Liu Yang, Maydeu-Olivares Alberto
a The University of North Carolina at Chapel Hill.
b Faculty of Psychology, University of Barcelona.
Multivariate Behav Res. 2014 Jul-Aug;49(4):354-71. doi: 10.1080/00273171.2014.910744.
When an item response theory model fails to fit adequately, the items for which the model provides a good fit and those for which it does not must be determined. To this end, we compare the performance of several fit statistics for item pairs with known asymptotic distributions under maximum likelihood estimation of the item parameters: (a) a mean and variance adjustment to bivariate Pearson's X(2), (b) a bivariate subtable analog to Reiser's (1996) overall goodness-of-fit test, (c) a z statistic for the bivariate residual cross product, and (d) Maydeu-Olivares and Joe's (2006) M2 statistic applied to bivariate subtables. The unadjusted Pearson's X(2) with heuristically determined degrees of freedom is also included in the comparison. For binary and ordinal data, our simulation results suggest that the z statistic has the best Type I error and power behavior among all the statistics under investigation when the observed information matrix is used in its computation. However, if one has to use the cross-product information, the mean and variance adjusted X(2) is recommended. We illustrate the use of pairwise fit statistics in 2 real-data examples and discuss possible extensions of the current research in various directions.

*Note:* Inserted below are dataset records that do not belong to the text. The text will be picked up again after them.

(* Let $a$ and $b$ be irrational numbers with $1<a<b$ and $\{a\}=\{b\}=:\theta$. Let $a_n=[an]$, $b_n=[bn]$, and for positive integers $n$ define $$h(n)=\frac{a_{n+1}}{a_n}-\frac{b_{n+1}}{b_n},\qquad f(n)=\begin{cases}1,& h(n)>0,\\ 0,&\text{otherwise},\end{cases}\qquad g(n)=[\theta(n+1)]-[\theta n].$$ Then $f(n)=g(n)$ for every positive integer $n$; that is, the infinite words $f(1)f(2)f(3)\cdots$ and $g(1)g(2)g(3)\cdots$ coincide.
   Context: $[x]$ is the greatest integer not exceeding $x$ and $\{x\}=x-[x]$. The sequence $g$ is the characteristic (Sturmian) sequence of slope $\theta$; equivalently $g(n)=1$ exactly when $n=[j/\theta]$ for some positive integer $j$. *)

From Stdlib Require Import Reals ZArith.
Open Scope R_scope.

(* [x] : greatest integer not exceeding x. Int_part x = up x - 1 is the floor. *)
Definition floorR (x : R) : Z := Int_part x.

Definition fracR (x : R) : R := x - IZR (floorR x).

Definition irrational (x : R) : Prop :=
  ~ exists (p q : Z), q <> 0%Z /\ x = IZR p / IZR q.

Definition seqfl (a : R) (n : nat) : R := IZR (floorR (a * INR n)).

Definition h_fun (a b : R) (n : nat) : R :=
  seqfl a (S n) / seqfl a n - seqfl b (S n) / seqfl b n.

Definition f_fun (a b : R) (n : nat) : Z :=
  if Rlt_dec 0 (h_fun a b n) then 1%Z else 0%Z.

Definition g_fun (theta : R) (n : nat) : Z :=
  (floorR (theta * INR (S n)) - floorR (theta * INR n))%Z.

From Stdlib Require Import Reals ZArith Lra Lia.
Open Scope R_scope.

(* Write a = A + θ and b = B + θ with integers 1 <= A < B. Then
   a_n = A n + t and b_n = B n + t with t = [θ n], while a_(n+1) and b_(n+1)
   add A + g(n) and B + g(n), so that a_(n+1) b_n - b_(n+1) a_n = (B - A)(g(n) n - t).
   Since g(n) is 0 or 1 and 0 <= t < n, this is positive exactly when g(n) = 1. *)

Lemma floorR_spec (x : R) : IZR (floorR x) <= x < IZR (floorR x) + 1.
Proof.
  unfold floorR, Int_part. destruct (archimed x) as [Hup Hup1].
  rewrite minus_IZR. simpl. lra.
Qed.

Lemma floorR_unique (x : R) (z : Z) : IZR z <= x < IZR z + 1 -> floorR x = z.
Proof.
  intros [Hzx Hxz]. unfold floorR, Int_part.
  assert (Hup : up x = (z + 1)%Z).
  { symmetry. apply tech_up; rewrite plus_IZR; simpl; lra. }
  rewrite Hup. ring.
Qed.

Lemma floorR_addz (k : Z) (x : R) : floorR (IZR k + x) = (k + floorR x)%Z.
Proof.
  apply floorR_unique. rewrite plus_IZR. pose proof (floorR_spec x). lra.
Qed.

Lemma floorR_add_frac (x th : R) : 0 <= th < 1 ->
  floorR (x + th) = floorR x \/ floorR (x + th) = (floorR x + 1)%Z.
Proof.
  intros Hth.
  pose proof (floorR_spec x). pose proof (floorR_spec (x + th)).
  assert (Hlo : (-1 < floorR (x + th) - floorR x)%Z)
    by (apply lt_IZR; rewrite minus_IZR; simpl; lra).
  assert (Hhi : (floorR (x + th) - floorR x < 2)%Z)
    by (apply lt_IZR; rewrite minus_IZR; simpl; lra).
  lia.
Qed.

Lemma g_fun_cases (th : R) (n : nat) : 0 <= th < 1 ->
  g_fun th n = 0%Z \/ g_fun th n = 1%Z.
Proof.
  intros Hth. unfold g_fun.
  replace (th * INR (S n)) with (th * INR n + th) by (rewrite S_INR; ring).
  destruct (floorR_add_frac (th * INR n) th Hth) as [-> | ->]; lia.
Qed.

Lemma floorR_frac_mul_bounds (th x : R) : 0 <= th < 1 -> 0 < x ->
  0 <= IZR (floorR (th * x)) < x.
Proof.
  intros Hth Hx. pose proof (floorR_spec (th * x)) as Ft.
  split; [| nra].
  apply IZR_le. assert (Hneg : (-1 < floorR (th * x))%Z)
    by (apply lt_IZR; simpl; nra).
  lia.
Qed.

Lemma seqfl_int_add (C : Z) (th : R) (m : nat) :
  seqfl (IZR C + th) m = IZR C * INR m + IZR (floorR (th * INR m)).
Proof.
  unfold seqfl.
  replace ((IZR C + th) * INR m) with (IZR (C * Z.of_nat m) + th * INR m)
    by (rewrite mult_IZR, <- INR_IZR_INZ; ring).
  rewrite floorR_addz, plus_IZR, mult_IZR, <- INR_IZR_INZ. reflexivity.
Qed.

Section SameFractionalPart.

Variables (A B : Z) (th : R) (n : nat).
Hypothesis Hth : 0 <= th < 1.
Hypothesis HA : 1 <= IZR A.
Hypothesis HAB : IZR A < IZR B.
Hypothesis Hn : (1 <= n)%nat.

Let t := IZR (floorR (th * INR n)).

Lemma h_fun_int_add :
  h_fun (IZR A + th) (IZR B + th) n =
  (IZR B - IZR A) * (IZR (g_fun th n) * INR n - t) /
  ((IZR A * INR n + t) * (IZR B * INR n + t)).
Proof.
  assert (HN : 1 <= INR n) by (apply (le_INR 1); exact Hn).
  assert (Ht : 0 <= t) by (apply floorR_frac_mul_bounds; lra).
  assert (Hg : IZR (floorR (th * INR (S n))) = t + IZR (g_fun th n))
    by (unfold g_fun, t; rewrite minus_IZR; ring).
  unfold h_fun. rewrite !seqfl_int_add, Hg, S_INR. fold t.
  field. split; nra.
Qed.

Lemma h_fun_pos_iff : 0 < h_fun (IZR A + th) (IZR B + th) n <-> g_fun th n = 1%Z.
Proof.
  assert (HN : 0 < INR n) by (apply lt_0_INR; lia).
  assert (Ht : 0 <= t < INR n) by (apply floorR_frac_mul_bounds; lra).
  rewrite h_fun_int_add.
  set (D := (IZR A * INR n + t) * (IZR B * INR n + t)).
  assert (HD : 0 < / D) by (apply Rinv_0_lt_compat, Rmult_lt_0_compat; nra).
  unfold Rdiv.
  destruct (g_fun_cases th n Hth) as [Hg | Hg]; rewrite Hg; split; intros H.
  - exfalso.
    assert (Hnum : (IZR B - IZR A) * (IZR 0 * INR n - t) <= 0) by (simpl; nra).
    nra.
  - discriminate.
  - reflexivity.
  - apply Rmult_lt_0_compat; [nra | exact HD].
Qed.

End SameFractionalPart.

Theorem theorem5 (a b : R) :
  irrational a -> irrational b -> 1 < a -> a < b -> fracR a = fracR b ->
  forall n : nat, (1 <= n)%nat -> f_fun a b n = g_fun (fracR a) n.
Proof.
  intros _ _ Ha1 Hab Hfr n Hn.
  assert (Ea : a = IZR (floorR a) + fracR a) by (unfold fracR; ring).
  assert (Eb : b = IZR (floorR b) + fracR a) by (rewrite Hfr; unfold fracR; ring).
  pose proof (floorR_spec a) as Fa. pose proof (floorR_spec b) as Fb.
  assert (Hth : 0 <= fracR a < 1) by (unfold fracR; lra).
  assert (HA : 1 <= IZR (floorR a)).
  { apply IZR_le. assert (Hpos : (0 < floorR a)%Z) by (apply lt_IZR; lra). lia. }
  assert (HAB : IZR (floorR a) < IZR (floorR b)) by lra.
  pose proof (h_fun_pos_iff _ _ _ _ Hth HA HAB Hn) as Hpos.
  rewrite <- Ea, <- Eb in Hpos.
  unfold f_fun. destruct (Rlt_dec 0 (h_fun a b n)) as [H | H].
  - symmetry. apply Hpos, H.
  - destruct (g_fun_cases (fracR a) n Hth) as [Hg | Hg]; [now rewrite Hg |].
    exfalso. apply H, Hpos, Hg.
Qed.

当项目反应理论模型拟合不充分时,必须确定模型拟合良好的项目和拟合不佳的项目。为此,我们在项目参数的最大似然估计下,比较了几种拟合统计量对具有已知渐近分布的项目对的性能:(a) 对双变量皮尔逊卡方的均值和方差调整;(b) 与赖泽尔(1996年)总体拟合优度检验类似的双变量子表检验;(c) 双变量残差交叉乘积的z统计量;(d) 应用于双变量子表的梅德乌-奥利瓦雷斯和乔(2006年)的M2统计量。比较中还包括具有启发式确定自由度的未调整皮尔逊卡方。对于二元和有序数据,我们的模拟结果表明,当在计算中使用观测信息矩阵时,z统计量在所有研究的统计量中具有最佳的I型错误和检验功效表现。然而,如果必须使用交叉乘积信息,建议使用均值和方差调整后的卡方。我们在两个实际数据示例中说明了成对拟合统计量的使用,并讨论了当前研究在各个方向上可能的扩展。